Ice Gas: A Step Closer to Commercial Production
The news in early March that a Japanese company had finally successfully extracted natural gas from methane hydrate deposits under the seabed offshore Japan was hailed as a breakthrough for the energy industry around the world. There are large deposits of methane hydrate, or "ice gas", in several locations around the planet which means, if successfully exploited, they could bring to many regions around the world the low gas prices currently seen in North America as a result of the shale gas boom.
Japan Oil, Gas and Metals National Corporation (JOGMEC) reported March 12 that it successfully extracted natural gas from methane hydrate deposits from around 1,000 feet under the seabed offshore Japan.
Methane hydrate is a compound in which a large amount of methane is trapped within a crystal structure made up of water, so forming a solid that is similar to ice in its composition (although it looks like slush). For methane hydrate deposits to form the right conditions in terms of pressures and temperatures are required. These conditions are normally found in four kinds of environment:
There are some 40 trillion cubic feet of methane held in methane hydrate deposits under the sea in the eastern Nankai Trough, off the southern coast of the Japanese island of Honshu, according to JOGMEC. This is equivalent to around 11 years of the amount of liquefied natural gas that is currently imported into Japan.
JOGMEC has been working at the Daini Atsumi Knoll, off the coasts of the Atsumi and Shima Peninsula since February 2012. After acquiring pressurized core samples last summer, the company began an experimental flow test in March this year, successfully yielding gas from the methane hydrate deposits.
In order to achieve extraction, JOGMEC used specialized equipment to drill into and depressurize the methane hydrate causing the gas to separate. The gas was then piped to the surface.
JOGMEC hopes its experimental test will help it better understand dissociation behavior of methane hydrate under the seabed and the impact to the surrounding environment. A second offshore test is planned ahead of commercial production that could be achieved later this decade. However, a lot will depend upon whether the costs of extraction can be brought down to low enough levels to make commercial production viable.
While the Japanese government says that it is now planning a three-year study into how much ice gas it has within its territorial waters in the Japan Sea, a number of other countries have also been looking to exploit methane hydrate resources.
For example, last August, the U.S. Department of Energy (DOE) announced funding for 13 research projects across 11 U.S. states to help develop methane hydrate deposits as an energy source. At the time, U.S. Energy Secretary Dr. Steven Chu commented that although research on methane hydrates is still at an early stage, these research efforts could one day yield the same kind of benefits achieved by the shale gas boom after the country invested in researching shale gas in the 1970s and 80s.

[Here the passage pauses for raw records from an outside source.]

(* (a) => (b), main step: for A abelian, the pull-back along f of the series
   K >= [K, F] >= [K, F, F] >= ... (F the Fitting subgroup of G) is a series
   through A centralized by the image of F in U. *)
Lemma Fitting_image_centralizes_series :
  abelian A -> centralizes_series (ext_aut @* 'F(G)) A.
Proof.
move=> abA; set F := 'F(G).
have nFK : F \subset 'N(K) := subset_trans (Fitting_sub G) (normal_norm nKG).
have sKF : K \subset F := ext_sub_Fitting abA.
pose d := fix d k : {group gT} := if k is k'.+1 then [~: d k', F]%G else K.
have nFd k : F \subset 'N(d k).
  by case: k => [|k] //=; apply: commg_normr.
have dL k : d k \subset 'L_k.+1(F).
  by elim: k => [|k IHk]; [rewrite lcn1 | rewrite lcnSn /= commgSS].
have [n Ln] := lcnP _ (Fitting_nil G).
pose c k := (f @*^-1 d k)%G.
have c0 : c 0 = A by apply: val_inj; rewrite /= -fA injmK.
rewrite -c0; apply: (chain_centralizes_series (n := n)).
- by move=> k; apply: morphpreS; rewrite /= commg_subl.
- move=> k; rewrite -sub_abelian_normal ?morphpreS /= ?commg_subl //.
  exact: abelianS (morphpre_sub _ _) abA.
- move=> k _ /morphimP[g Gg Fg ->] x /morphpreP[Ax fxd].
  have [Ug fg] := ext_autP Gg.
  have Agx : ext_aut g x \in A by rewrite Aut_closed ?(subsetP sUAut).
  split; apply: mem_morphpre; rewrite ?groupM ?groupV //.
    by rewrite fg // memJ_norm // (subsetP (nFd k)).
  by rewrite morphM ?groupV // morphV // fg //= mem_commg.
- apply: val_inj => /=.
  have dn : d n = 1 :> {set gT} by apply/trivgP; rewrite -Ln dL.
  by rewrite dn -/('ker f) ker_injm.
Qed.

(* (a) => (b): if U is F-relevant, the image of F(G) in U is trivial, so
   F(G) lies in the kernel K of the action. *)
Lemma Fitting_ext_of_F_relevant : abelian A -> F_relevant U A -> 'F(G) = K.
Proof.
move=> abA FrelU; apply/eqP; rewrite eqEsubset ext_sub_Fitting // andbT.
have nFU : ext_aut @* 'F(G) <| U by rewrite -im_ext_aut morphim_normal ?Fitting_normal.
have [F1 | Fn1] := eqVneq (ext_aut @* 'F(G))%G 1%G.
  have F1' : ext_aut @* 'F(G) = 1 by move/(congr1 val): F1.
  by rewrite -ker_ext_aut -sub_morphim_pre ?Fitting_sub // F1'.
by case: (FrelU _ nFU Fn1); apply: Fitting_image_centralizes_series.
Qed.

(* (c) => (a), main step: the preimage in G of a subgroup N of U that
   centralizes a series through A stabilizes the transported series through
   the self-centralizing normal subgroup K, hence is nilpotent. *)
Lemma preimage_nilpotent (N : {group {perm aT}}) :
  N \subset U -> centralizes_series N A -> nilpotent (ext_aut @*^-1 N).
Proof.
move=> sNU /(centralizes_series_chain (subset_trans sNU sUAut)).
case=> n [c [c0 cn cdec cact]].
set M := ext_aut @*^-1 N.
have cMc k : [~: f @* c k, M] \subset f @* c k.+1.
  rewrite gen_subG; apply/subsetP => _ /imset2P[_ m /morphimP[x Ax cx ->] Mm ->].
  case/morphpreP: Mm => Gm Nm; have [Um fm] := ext_autP Gm.
  have [cux cxu] := cact k _ Nm x cx.
  have Aux : ext_aut m x \in A by rewrite Aut_closed ?(subsetP sUAut).
  rewrite /commg -fm // -morphV // -morphM ?groupV //.
  by rewrite mem_morphim // groupM ?groupV.
have sMK : K \subset M by rewrite /M -ker_ext_aut ker_sub_pre.
have cMK : 'C_M(K) \subset K by rewrite -{2}cGK setSI // morphpre_sub.
pose C k := (f @* c k)%G.
apply: (@stability_nilpotent _ _ K C sMK _ _ _ cMc n cMK).
- by apply: val_inj; rewrite /= c0 fA.
- by move=> k; apply: morphimS.
- by move=> k; rewrite -commg_subl (subset_trans (cMc k)) ?morphimS.
- by apply: val_inj; rewrite /= cn morphim1.
Qed.

(* (c) => (a): a normal subgroup N of U centralizing a series has nilpotent
   normal preimage in G, hence contained in F(G) = K = ker ext_aut; so N = 1. *)
Lemma F_relevant_of_Fitting_ext : 'F(G) = K -> F_relevant U A.
Proof.
move=> FGK N nNU Nn1 cN; have sNU := normal_sub nNU.
have preU : ext_aut @*^-1 U = G.
  by rewrite -im_ext_aut morphimGK // ker_ext_aut normal_sub.
have nMG : ext_aut @*^-1 N <| G.
  by rewrite -{2}preU morphpre_normal ?im_ext_aut.
have sMK : ext_aut @*^-1 N \subset K.
  by rewrite -FGK Fitting_max ?preimage_nilpotent.
move/eqP: Nn1; apply; apply/val_inj/trivgP => /=.
rewrite -(morphpreK (f := ext_aut_morphism) (R := N)) ?im_ext_aut //.
by rewrite -(morphim_ker ext_aut_morphism) ker_ext_aut morphimS.
Qed.

End Extension.

(* (b) => (c): for A abelian the semidirect product A x| U, with U acting
   naturally on A, is an extension of A by U. *)
Lemma sdprod_extension (aT : finGroupType) (A : {group aT})
    (U : {group {perm aT}}) :
  U \subset Aut A -> abelian A ->
  exists (gT : finGroupType) (G K : {group gT}) (f : {morphism A >-> gT}),
    is_extension U G K f.
Proof.
move=> sUAut abA; pose to := ract_groupAction (aut_groupAction A) sUAut.
pose s1 := sdpair1_morphism to; pose K := (s1 @* A)%G.
have injs1 : 'injm s1 := injm_sdpair1 to.
have [nKT _ _ _ _] := sdprod_context (sdprod_sdpair to).
have abK : abelian K by rewrite morphim_abelian.
have conj_s1 x g : x \in A -> s1 x ^ g = s1 (g.1 x).
  move=> Ax; have := valP g; rewrite inE => /andP[Ug1 Ag2].
  have Kg2 : s1 g.2 \in K by rewrite mem_morphim.
  have Kx : s1 (to x g.1) \in K by rewrite mem_morphim ?gact_stable.
  rewrite {1}[g]sdpairE conjgM -sdpair_act //.
  by rewrite /conjg (centsP abK _ Kx _ Kg2) mulKg.
exists (sdprod_groupType to), [set: sdprod_groupType to]%G, K, s1; split.
- exact: nKT.
- by apply/isomP.
- apply/eqP; rewrite eqEsubset subsetI subsetT andbC /=.
  apply/andP; split; first exact: abK.
  apply/subsetP => g /setIP[_ cKg]; have := valP g; rewrite inE => /andP[Ug1 Ag2].
  have g1 : g.1 = 1.
    apply: (eq_Aut (subsetP sUAut _ Ug1) (group1 _)) => x Ax.
    have Kx : s1 x \in K by rewrite mem_morphim.
    apply: (injmP injs1); rewrite ?perm1 ?Aut_closed ?(subsetP sUAut) //.
    by rewrite -conj_s1 // /conjg -(centP cKg _ Kx) mulKg.
  by rewrite [g]sdpairE g1 morph1 mul1g mem_morphim.
- by move=> g _; exists g.1 => [|x Ax]; [move: (valP g); rewrite inE => /andP[] | rewrite conj_s1].
- move=> u Uu; exists (sdpair2 to u); first by rewrite inE.
  by move=> x Ax; rewrite -sdpair_act.
Qed.

Theorem lemma3p2 (l : nat) (aT : finGroupType) (A : {group aT})
  (U : {group {perm aT}}) :
  0 < l -> #|A| = l -> abelian A ->
  (forall p, prime p -> p.-abelem 'O_p(A)) ->
  U \subset Aut A ->
  [<-> F_relevant U A;
       forall (gT : finGroupType) (G K : {group gT}) (f : {morphism A >-> gT}),
         is_extension U G K f -> 'F(G) = K;
       exists (gT : finGroupType) (G K : {group gT}) (f : {morphism A >-> gT}),
         is_extension U G K f /\ 'F(G) = K].
Proof.
move=> _ _ abA _ sUAut; tfae.
- by move=> FrelU gT G K f extGK; exact: Fitting_ext_of_F_relevant sUAut extGK abA FrelU.
- move=> FitK; have [gT [G [K [f extGK]]]] := sdprod_extension sUAut abA.
  by exists gT, G, K, f; split; last exact: FitK _ _ _ _ extGK.
- by case=> gT [G [K [f [extGK FGK]]]]; exact: F_relevant_of_Fitting_ext sUAut extGK FGK.
Qed.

Meanwhile, China is also investing millions of dollars into the study of methane hydrates.
Immense Energy Content
The energy content of methane occurring in hydrate form is immense and could exceed the combined energy content of all other known fossil fuels (one cubic foot of methane hydrate contains approximately 160 cubic feet of natural gas), according to the U.S. DOE. But there is still the question of how big future production volumes could be. This is what the current project by JOGMEC should go some way towards determining, as will certain projects that the DOE is funding.
One of the projects that the DOE is helping to fund is being carried out Georgia Tech Research Corporation. This organization was granted $626,000 for a project that aims to understand the behavior of gas hydrates hosted in fine-grained sediments such as clay or silt, including how to evaluate extraction methods that could be used to produce gas from such sediments.
The U.S. government's strong research interest in methane hydrates is not surprising given that the U.S. Geological Survey (USGS) has identified several accumulations of methane hydrates offshore United States and Central America. Meanwhile, in the North Slope of Alaska the USGS estimates a mean resource of some 85 trillion cubic feet of natural gas held within methane hydrate deposits.
As well as offshore Japan and the Russian Far East, accumulations of methane hydrates have also been discovered in the Black Sea and off the coast of West Africa. But there are plenty of other locations around the world where methane hydrates are thought likely to occur.